Certainly, ByteDance employs a vast engineering workforce to develop the algorithm.
When Valdovinos Kaye visited the Beijing offices, he was confronted with a multi-story office packed with programmers. (TikTok was approached to participate in this story but declined an interview request. They did, however, publish a blog post in June providing a high-level explanation of the workings of its algorithm.)
It’s more than just the algorithm
TikTok users are making memes about Microsoft potentially “saving” TikTok.
Keynejad added that we may be bestowing the algorithm with more influence than it has.
“The algorithm isn’t the thing that runs everything but I think it’s a perfect storm,” he said. “It’s product meets the right time in the market, meets these unengaged teens with this great recommendation engine, and all these themes running through the app.”
That’s something Eugene Wei, a former product chief at companies including Flipboard and Amazon, agrees with. Wei previously delved into the magic behind TikTok’s algorithms in a popular blog post.
“It has really easy-to-use video filters and editing tools combined with an algorithm that puts it in front of a lot of people quickly and gets feedback,” he said. “That whole flywheel is connected at every point.”
He added: “A lot of people are treating the algorithm by itself as some sort of black magic.
“I don’t think it’s actually that. Most people who build recommendation engines using machine learning say it’s pretty likely the techniques they use are pretty standard.”
Nikita Aggarwal of the Oxford Internet Institute added that the algorithm learns from the huge amounts of data that TikTok is able to draw on.
“It collects potentially more user data from other apps, and so is able to better profile the user and therefore recommend what videos they are more likely to enjoy,” she said. She also agrees that the app’s design — and its focus on full-screen immersive video — helps improve its popularity.
“Every click reveals a user’s preference, to the extent that this gives TikTok more useful information about a user’s preference and understanding that is what makes an app big,” she says.

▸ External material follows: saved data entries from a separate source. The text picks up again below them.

(* Let $P$ be the transition matrix of a reversible and ergodic Markov chain on $V$ with stationary distribution $\pi$ and mixing rate $t^*$. For the quasi-random router model for $P$ with any initial configuration of $M$ tokens, $$\left|\chi^{(T)}_w-\mu^{(T)}_w\right|\le\frac{6\pi_w}{\pi_{\min}}\,\lg(M+1)\,t^*\,\Delta$$ for all $w\in V$ and $T\ge0$.
   Context: Let $V=\{1,\dots,N\}$ and let $P\in\mathbb{R}_{\ge 0}^{N\times N}$ be an ergodic (irreducible, aperiodic) stochastic matrix with stationary distribution $\pi$; $\pi_{\min}=\min_v\pi_v$; reversible means $\pi_uP_{u,v}=\pi_vP_{v,u}$ for all $u,v$. For $v\in V$ let $\mathcal N(v)=\{u: P_{v,u}>0\}$, $\delta(v)=|\mathcal N(v)|$, $\Delta=\max_v\delta(v)$; $\lg=\log_2$. Total variation distance $d_{TV}(\xi,\zeta)=\frac12\|\xi-\zeta\|_1$; mixing time $\tau(\varepsilon)=\max_{v}\min\{t\ge0: d_{TV}(P^t_{v,\cdot},\pi)\le\varepsilon\}$; mixing rate $t^*=\tau(1/4)$. The van der Corput function $\psi$: $\psi(0)=0$ and for $i=\sum_j\beta_j(i)2^j>0$ in binary, $\psi(i)=\sum_j\beta_j(i)2^{-(j+1)}$. The quasi-random router: fix an ordering $u_1,\dots,u_{\delta(v)}$ of $\mathcal N(v)$ and set $\sigma_v(i)=u_k$ where $\sum_{j=1}^{k-1}P_{v,u_j}\le\psi(i)<\sum_{j=1}^{k}P_{v,u_j}$. Write $I_{v,u}[z,z')=|\{j\in\{z,\dots,z'-1\}:\sigma_v(j)=u\}|$ (zero if $z'\le z$). Given $\chi^{(0)}\in\mathbb{Z}_{\ge0}^N$ with $\sum_v\chi^{(0)}_v=M$, set $Z^{(t)}_{v,u}=I_{v,u}\big[\sum_{s=0}^{t-1}\chi^{(s)}_v,\sum_{s=0}^{t}\chi^{(s)}_v\big)$, $\chi^{(t+1)}_u=\sum_vZ^{(t)}_{v,u}$, $\mu^{(0)}=\chi^{(0)}$, $\mu^{(t)}=\mu^{(0)}P^t$. *)

(* Vertices V = {1..N} are
   represented as 0..N-1. *)
From Stdlib Require Import Reals Arith List.
Open Scope R_scope.

Definition Rsum (N : nat) (f : nat -> R) : R :=
  fold_right Rplus 0 (map f (seq 0 N)).
Definition nsum (N : nat) (f : nat -> nat) : nat :=
  fold_right Nat.add 0%nat (map f (seq 0 N)).

Fixpoint Ppow (N : nat) (P : nat -> nat -> R) (t : nat) : nat -> nat -> R :=
  match t with
  | O => fun u v => if Nat.eq_dec u v then 1 else 0
  | S t' => fun u v => Rsum N (fun k => Ppow N P t' u k * P k v)
  end.

Definition stochastic (N : nat) (P : nat -> nat -> R) : Prop :=
  (forall u v, (u < N)%nat -> (v < N)%nat -> 0 <= P u v) /\
  (forall u, (u < N)%nat -> Rsum N (fun v => P u v) = 1).

Definition irreducible (N : nat) (P : nat -> nat -> R) : Prop :=
  forall u v, (u < N)%nat -> (v < N)%nat -> exists t, 0 < Ppow N P t u v.

(* period of every state is 1: gcd { t >= 1 : P^t_{v,v} > 0 } = 1 *)
Definition aperiodic (N : nat) (P : nat -> nat -> R) : Prop :=
  forall v, (v < N)%nat ->
    forall d : nat,
      (forall t, (1 <= t)%nat -> 0 < Ppow N P t v v -> Nat.divide d t) ->
      d = 1%nat.

Definition ergodic (N : nat) (P : nat -> nat -> R) : Prop :=
  stochastic N P /\ irreducible N P /\ aperiodic N P.

Definition stationary (N : nat) (P : nat -> nat -> R) (pi : nat -> R) : Prop :=
  (forall v, (v < N)%nat -> 0 <= pi v) /\
  Rsum N pi = 1 /\
  (forall v, (v < N)%nat -> Rsum N (fun u => pi u * P u v) = pi v).

Definition reversible (N : nat) (P : nat -> nat -> R) (pi : nat -> R) : Prop :=
  forall u v, (u < N)%nat -> (v < N)%nat -> pi u * P u v = pi v * P v u.

Definition pi_min (N : nat) (pi : nat -> R) : R :=
  fold_right Rmin (pi 0%nat) (map pi (seq 0 N)).

Definition dTV_t (N : nat) (P : nat -> nat -> R) (pi : nat -> R) (v t : nat) : R :=
  / 2 * Rsum N (fun u => Rabs (Ppow N P t v u - pi u)).

Definition is_least (Q : nat -> Prop) (t : nat) : Prop :=
  Q t /\ forall s, Q s -> (t <= s)%nat.

(* tau(eps) = max_v min { t >= 0 : d_TV(P^t_{v,.}, pi) <= eps } *)
Definition is_mixing_time (N : nat) (P : nat -> nat -> R) (pi : nat -> R)
  (eps : R) (tau : nat) : Prop :=
  (forall v, (v < N)%nat ->
     exists tv, is_least (fun t => dTV_t N P pi v t <= eps) tv /\ (tv <= tau)%nat) /\
  (exists v, (v < N)%nat /\ is_least (fun t => dTV_t N P pi v t <= eps) tau).

Definition is_mixing_rate (N : nat) (P : nat -> nat -> R) (pi : nat -> R)
  (tstar : nat) : Prop := is_mixing_time N P pi (/ 4) tstar.

Definition degree (N : nat) (P : nat -> nat -> R) (v : nat) : nat :=
  length (filter (fun u => if Rlt_dec 0 (P v u) then true else false) (seq 0 N)).
Definition max_degree (N : nat) (P : nat -> nat -> R) : nat :=
  fold_right Nat.max 0%nat (map (degree N P) (seq 0 N)).

Definition lg (x : R) : R := ln x / ln 2.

The app can also test a user’s interests at a scale unimaginable for other platforms such as YouTube.
The short format of TikTok videos — none longer than a minute — means users can rifle through them at a far faster rate than on YouTube, where the average video can be more than 12 minutes long.
“It’s harder to do for YouTube because they don’t necessarily have an app that is putting a lot of random videos in front of a lot of people,” Wei said. “People kind of self-select what they watch on YouTube, which is fine …”
TikTok’s For You page serves its users hundreds of videos an hour, meaning it can occasionally try videos that it’s not certain users will like with little effect.
“The feedback only takes a few seconds for me to register how I feel about a video, and because it’s full screen, the app can assume that whatever I do reflects my opinion on that video,” said Wei.
That real-life data used to hone TikTok’s machine learning algorithm is in turn more powerful than the training datasets other services use.
A buyer will struggle to replicate the algorithm’s power
Even if it’s a relatively standard algorithm, TikTok’s has been well-trained on its near-600 million monthly active users — which could prove problematic if the algorithm isn’t transferred over through a sale.
“I think you can still replicate a lot of the magic of the algorithm if they were going to give you all the user data and all the video data, but you’d have to be willing to support that entire process,” said Wei.
“One of the things that comes up in this context is how you associate the values of the algorithmic system or the algorithm and the data it’s trained on,” added Aggarwal.
“If it was sold to Microsoft, Microsoft presumably could benefit from the same data, but there are the insights that ByteDance has already acquired from users it’s already had or exposed the machine learning algorithm to, and that is valuable.
“The historical training has legacy value which clearly China recognizes.”